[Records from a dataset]

+++++

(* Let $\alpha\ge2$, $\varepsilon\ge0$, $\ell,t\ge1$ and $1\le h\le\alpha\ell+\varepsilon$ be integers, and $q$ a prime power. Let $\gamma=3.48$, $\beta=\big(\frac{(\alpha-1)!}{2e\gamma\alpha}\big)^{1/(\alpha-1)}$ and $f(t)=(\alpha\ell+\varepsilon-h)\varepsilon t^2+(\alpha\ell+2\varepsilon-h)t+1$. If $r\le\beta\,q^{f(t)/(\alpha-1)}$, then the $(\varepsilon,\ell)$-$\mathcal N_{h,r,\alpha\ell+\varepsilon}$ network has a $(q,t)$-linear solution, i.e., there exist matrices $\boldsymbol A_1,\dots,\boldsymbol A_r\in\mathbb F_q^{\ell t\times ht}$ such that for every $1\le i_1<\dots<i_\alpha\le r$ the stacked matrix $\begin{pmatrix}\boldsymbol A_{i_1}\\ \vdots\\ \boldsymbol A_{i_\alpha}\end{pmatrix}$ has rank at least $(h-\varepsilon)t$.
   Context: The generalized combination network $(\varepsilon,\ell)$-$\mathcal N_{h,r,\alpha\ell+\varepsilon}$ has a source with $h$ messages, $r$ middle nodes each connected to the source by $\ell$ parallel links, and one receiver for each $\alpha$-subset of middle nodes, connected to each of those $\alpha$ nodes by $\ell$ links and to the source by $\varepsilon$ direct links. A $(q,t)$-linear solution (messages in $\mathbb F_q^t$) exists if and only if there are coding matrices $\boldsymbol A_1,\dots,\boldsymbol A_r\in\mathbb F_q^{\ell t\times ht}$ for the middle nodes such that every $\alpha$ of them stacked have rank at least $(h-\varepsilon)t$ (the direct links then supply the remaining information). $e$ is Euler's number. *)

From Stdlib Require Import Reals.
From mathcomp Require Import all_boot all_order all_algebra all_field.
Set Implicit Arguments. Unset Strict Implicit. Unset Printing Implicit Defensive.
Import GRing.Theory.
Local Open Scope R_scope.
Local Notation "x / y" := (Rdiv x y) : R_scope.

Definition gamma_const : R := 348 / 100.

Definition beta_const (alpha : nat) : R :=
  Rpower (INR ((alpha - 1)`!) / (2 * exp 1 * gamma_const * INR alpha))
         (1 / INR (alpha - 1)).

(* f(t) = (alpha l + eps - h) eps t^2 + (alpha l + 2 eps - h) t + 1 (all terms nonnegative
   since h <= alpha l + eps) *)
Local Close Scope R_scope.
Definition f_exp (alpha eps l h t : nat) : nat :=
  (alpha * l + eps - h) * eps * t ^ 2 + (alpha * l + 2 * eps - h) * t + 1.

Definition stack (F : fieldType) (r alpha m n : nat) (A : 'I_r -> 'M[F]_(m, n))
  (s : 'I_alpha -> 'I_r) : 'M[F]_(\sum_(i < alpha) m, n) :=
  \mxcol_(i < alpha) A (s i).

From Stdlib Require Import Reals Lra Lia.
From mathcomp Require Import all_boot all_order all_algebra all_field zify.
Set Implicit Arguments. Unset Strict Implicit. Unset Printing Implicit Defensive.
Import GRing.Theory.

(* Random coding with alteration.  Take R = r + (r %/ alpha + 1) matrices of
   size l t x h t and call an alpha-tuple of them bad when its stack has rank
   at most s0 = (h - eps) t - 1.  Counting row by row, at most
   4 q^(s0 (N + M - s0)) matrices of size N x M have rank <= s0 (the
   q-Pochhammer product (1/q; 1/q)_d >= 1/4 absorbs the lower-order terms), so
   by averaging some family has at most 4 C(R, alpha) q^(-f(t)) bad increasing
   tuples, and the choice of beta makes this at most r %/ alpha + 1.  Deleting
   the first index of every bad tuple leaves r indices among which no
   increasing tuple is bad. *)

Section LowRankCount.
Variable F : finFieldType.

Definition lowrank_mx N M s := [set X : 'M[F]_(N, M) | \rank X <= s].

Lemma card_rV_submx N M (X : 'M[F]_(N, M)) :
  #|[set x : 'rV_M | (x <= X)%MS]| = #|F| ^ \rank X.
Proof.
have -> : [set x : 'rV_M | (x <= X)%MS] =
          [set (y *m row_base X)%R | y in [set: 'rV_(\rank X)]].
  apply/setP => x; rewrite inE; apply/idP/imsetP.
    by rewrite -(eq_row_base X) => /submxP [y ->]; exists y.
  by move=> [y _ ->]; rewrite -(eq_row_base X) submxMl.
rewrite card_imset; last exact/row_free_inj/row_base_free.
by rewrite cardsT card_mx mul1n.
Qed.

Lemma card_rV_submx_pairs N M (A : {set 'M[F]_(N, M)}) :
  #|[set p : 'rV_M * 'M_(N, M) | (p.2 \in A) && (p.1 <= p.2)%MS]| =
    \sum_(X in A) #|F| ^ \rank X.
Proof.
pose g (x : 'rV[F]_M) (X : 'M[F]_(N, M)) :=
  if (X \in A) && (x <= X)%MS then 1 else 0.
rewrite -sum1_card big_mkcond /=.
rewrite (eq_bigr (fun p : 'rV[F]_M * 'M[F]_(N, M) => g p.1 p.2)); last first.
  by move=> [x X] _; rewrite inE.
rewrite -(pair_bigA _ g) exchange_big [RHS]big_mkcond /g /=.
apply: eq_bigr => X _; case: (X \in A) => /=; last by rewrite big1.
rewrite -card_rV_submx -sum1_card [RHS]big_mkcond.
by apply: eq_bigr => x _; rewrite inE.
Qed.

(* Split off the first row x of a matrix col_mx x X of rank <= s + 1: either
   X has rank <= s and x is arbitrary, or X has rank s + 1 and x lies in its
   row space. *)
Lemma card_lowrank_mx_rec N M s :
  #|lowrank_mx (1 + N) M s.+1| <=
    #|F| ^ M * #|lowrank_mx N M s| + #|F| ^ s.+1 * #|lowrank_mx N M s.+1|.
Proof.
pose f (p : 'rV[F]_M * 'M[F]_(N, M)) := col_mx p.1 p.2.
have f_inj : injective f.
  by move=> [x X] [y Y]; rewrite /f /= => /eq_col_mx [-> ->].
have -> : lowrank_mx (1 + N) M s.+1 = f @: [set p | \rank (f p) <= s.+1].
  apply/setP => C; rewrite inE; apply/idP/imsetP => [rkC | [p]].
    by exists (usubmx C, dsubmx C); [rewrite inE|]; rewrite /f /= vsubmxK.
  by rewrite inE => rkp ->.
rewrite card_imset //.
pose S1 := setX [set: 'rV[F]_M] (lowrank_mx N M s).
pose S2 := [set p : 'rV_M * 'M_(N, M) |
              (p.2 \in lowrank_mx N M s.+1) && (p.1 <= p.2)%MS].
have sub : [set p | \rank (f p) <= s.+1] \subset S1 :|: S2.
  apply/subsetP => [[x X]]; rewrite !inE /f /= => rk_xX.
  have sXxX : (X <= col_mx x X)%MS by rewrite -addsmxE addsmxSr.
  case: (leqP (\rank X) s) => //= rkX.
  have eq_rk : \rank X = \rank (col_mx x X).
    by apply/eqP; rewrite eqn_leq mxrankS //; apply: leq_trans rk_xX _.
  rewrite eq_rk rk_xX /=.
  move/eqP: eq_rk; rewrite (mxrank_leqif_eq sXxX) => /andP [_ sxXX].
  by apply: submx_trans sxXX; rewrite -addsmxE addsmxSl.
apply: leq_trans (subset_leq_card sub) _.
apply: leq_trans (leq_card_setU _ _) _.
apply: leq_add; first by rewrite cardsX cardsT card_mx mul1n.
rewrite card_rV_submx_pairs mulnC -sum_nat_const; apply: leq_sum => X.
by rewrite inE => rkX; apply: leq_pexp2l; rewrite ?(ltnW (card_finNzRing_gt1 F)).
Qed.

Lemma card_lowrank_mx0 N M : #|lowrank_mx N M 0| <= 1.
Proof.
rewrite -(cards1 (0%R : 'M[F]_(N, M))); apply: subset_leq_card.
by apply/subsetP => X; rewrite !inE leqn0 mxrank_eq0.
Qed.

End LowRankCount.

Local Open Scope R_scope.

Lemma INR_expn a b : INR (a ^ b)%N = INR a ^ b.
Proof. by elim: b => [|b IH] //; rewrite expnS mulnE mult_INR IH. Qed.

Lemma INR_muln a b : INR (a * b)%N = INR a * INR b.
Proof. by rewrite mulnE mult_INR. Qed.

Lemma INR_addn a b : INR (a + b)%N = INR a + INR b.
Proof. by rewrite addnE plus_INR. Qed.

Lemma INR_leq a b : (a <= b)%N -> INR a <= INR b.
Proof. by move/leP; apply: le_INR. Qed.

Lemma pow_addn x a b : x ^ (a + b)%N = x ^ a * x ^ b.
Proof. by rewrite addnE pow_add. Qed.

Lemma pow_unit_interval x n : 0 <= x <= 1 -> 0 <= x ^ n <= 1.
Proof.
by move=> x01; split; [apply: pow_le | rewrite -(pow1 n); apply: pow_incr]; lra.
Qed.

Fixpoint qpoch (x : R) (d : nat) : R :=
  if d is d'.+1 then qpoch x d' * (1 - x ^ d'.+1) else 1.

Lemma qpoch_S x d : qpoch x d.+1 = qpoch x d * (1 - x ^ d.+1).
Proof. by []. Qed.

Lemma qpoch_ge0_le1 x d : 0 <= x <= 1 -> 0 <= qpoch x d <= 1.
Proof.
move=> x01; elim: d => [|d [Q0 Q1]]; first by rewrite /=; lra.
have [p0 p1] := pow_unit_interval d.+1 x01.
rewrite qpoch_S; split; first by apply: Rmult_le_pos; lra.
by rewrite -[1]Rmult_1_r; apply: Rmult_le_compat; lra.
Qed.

+++++

- _TASK DESCRIPTION_
Return only the lines between the one holding "row space. *)" and the one holding "apply: leq_add; first", inclusive, exactly as they appear above.

- _RESULT OF THE TASK_
   row space. *)
Lemma card_lowrank_mx_rec N M s :
  #|lowrank_mx (1 + N) M s.+1| <=
    #|F| ^ M * #|lowrank_mx N M s| + #|F| ^ s.+1 * #|lowrank_mx N M s.+1|.
Proof.
pose f (p : 'rV[F]_M * 'M[F]_(N, M)) := col_mx p.1 p.2.
have f_inj : injective f.
  by move=> [x X] [y Y]; rewrite /f /= => /eq_col_mx [-> ->].
have -> : lowrank_mx (1 + N) M s.+1 = f @: [set p | \rank (f p) <= s.+1].
  apply/setP => C; rewrite inE; apply/idP/imsetP => [rkC | [p]].
    by exists (usubmx C, dsubmx C); [rewrite inE|]; rewrite /f /= vsubmxK.
  by rewrite inE => rkp ->.
rewrite card_imset //.
pose S1 := setX [set: 'rV[F]_M] (lowrank_mx N M s).
pose S2 := [set p : 'rV_M * 'M_(N, M) |
              (p.2 \in lowrank_mx N M s.+1) && (p.1 <= p.2)%MS].
have sub : [set p | \rank (f p) <= s.+1] \subset S1 :|: S2.
  apply/subsetP => [[x X]]; rewrite !inE /f /= => rk_xX.
  have sXxX : (X <= col_mx x X)%MS by rewrite -addsmxE addsmxSr.
  case: (leqP (\rank X) s) => //= rkX.
  have eq_rk : \rank X = \rank (col_mx x X).
    by apply/eqP; rewrite eqn_leq mxrankS //; apply: leq_trans rk_xX _.
  rewrite eq_rk rk_xX /=.
  move/eqP: eq_rk; rewrite (mxrank_leqif_eq sXxX) => /andP [_ sxXX].
  by apply: submx_trans sxXX; rewrite -addsmxE addsmxSl.
apply: leq_trans (subset_leq_card sub) _.
apply: leq_trans (leq_card_setU _ _) _.
apply: leq_add; first by rewrite cardsX cardsT card_mx mul1n.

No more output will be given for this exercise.